Het gebruik van submucosale dexamethason na parodontale chirurgie

6 november 2023 bijgewerkt door: Dicle Altındal, Yuzuncu Yıl University

Effect van submucosaal dexamethason op postoperatieve pijn, zwelling en trismus na parodontale chirurgie: gerandomiseerde klinische studie

Het doel van deze studie is om de effectiviteit van submucosale 8 mg (2 ml) dexamethason te evalueren op postoperatieve pijn, zwelling, kauwefficiëntie, trismus, genezing en ongemak na parodontale flapoperaties.

Studie Overzicht

Toestand

Voltooid

Conditie

Interventie / Behandeling

Gedetailleerde beschrijving

Parodontitis is een orale ontstekingsziekte die wordt veroorzaakt door specifieke micro-organismen en wordt gekenmerkt door verlies van hechting, alveolaire botresorptie en pathologische pocketvorming.

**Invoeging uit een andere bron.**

Lemma quadratic_energy_flip :
  \sum_u \sum_w J u w * spin R (flip v s) u * spin R (flip v s) w
  = \sum_u \sum_w J u w * spin R s u * spin R s w - 2 * c * \sum_w J v w * spin R s w.
Proof.
have inner u : \sum_w J u w * spin R (flip v s) u * spin R (flip v s) w
    = \sum_w J u w * spin R s u * spin R s w
      - c * ((u == v)%:R * \sum_w J u w * spin R s w) - c * (J u v * spin R s u)
      + c ^+ 2 * ((u == v)%:R * J u v).
  rewrite (eq_bigr (fun w => J u w * spin R s u * spin R s w
      - c * ((u == v)%:R * (J u w * spin R s w))
      - c * (J u w * spin R s u * (w == v)%:R)
      + c ^+ 2 * ((u == v)%:R * (J u w * (w == v)%:R)))); last first.
    by move=> w _; rewrite !spin_flip /c; ring.
  rewrite big_split /= !sumrB -!mulr_sumr.
  by rewrite (sum_mul_delta (fun w => J u w * spin R s u)) (sum_mul_delta (J u)).
rewrite (eq_bigr _ (fun u _ => inner u)) big_split /= !sumrB -!mulr_sumr.
rewrite !(eq_bigr _ (fun u _ => mulrC (u == v)%:R _)) !sum_mul_delta J_vv.
have -> : \sum_u J u v * spin R s u = \sum_w J v w * spin R s w.
  by apply: eq_bigr => u _; rewrite J_sym.
ring.
Qed.

Lemma ising_weight_flip :
  ising_weight J h s = ising_weight J h (flip v s) * expR (c * local_field J h v s).
Proof.
rewrite /ising_weight -expRD linear_energy_flip quadratic_energy_flip /local_field.
by congr expR; field.
Qed.

Lemma gibbs_flip : gibbs J h s = gibbs J h (flip v s) * expR (c * local_field J h v s).
Proof. by rewrite /gibbs ising_weight_flip mulrAC. Qed.

End energy_flip.

Lemma partition_gt0 J h : 0 < \sum_t ising_weight J h t.
Proof.
rewrite (bigD1 [ffun=> true]) //= ltr_wpDr ?expR_gt0 //.
by rewrite sumr_ge0 // => t _; rewrite ltW ?expR_gt0.
Qed.

Lemma gibbs_gt0 J h s : 0 < gibbs J h s.
Proof. by rewrite divr_gt0 ?expR_gt0 ?partition_gt0. Qed.

Lemma gibbs_sum1 J h : \sum_s gibbs J h s = 1.
Proof. by rewrite -mulr_suml divff // gt_eqF ?partition_gt0. Qed.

Deze ziekte veroorzaakt diepe parodontale zakken die gepaard gaan met diepe intrabotdefecten en verschillende klinische problemen. Om deze problemen te overwinnen, zijn er verschillende benaderingen voorgesteld bij de behandeling van parodontitis, waaronder initiële parodontale behandelingen zoals scaling en rootplaning, gevolgd door flapchirurgie, resectieve botchirurgie en parodontale regeneratie, indien van toepassing. Parodontale flapchirurgie die bij deze benaderingen wordt toegepast, veroorzaakt echter ongewenste bijwerkingen zoals pijn en zwelling. Om deze aandoeningen te overwinnen, blijven onderzoeken onderzoeken met behulp van verschillende medicatieregimes, waaronder pre-, intra- of postoperatieve medicijnen.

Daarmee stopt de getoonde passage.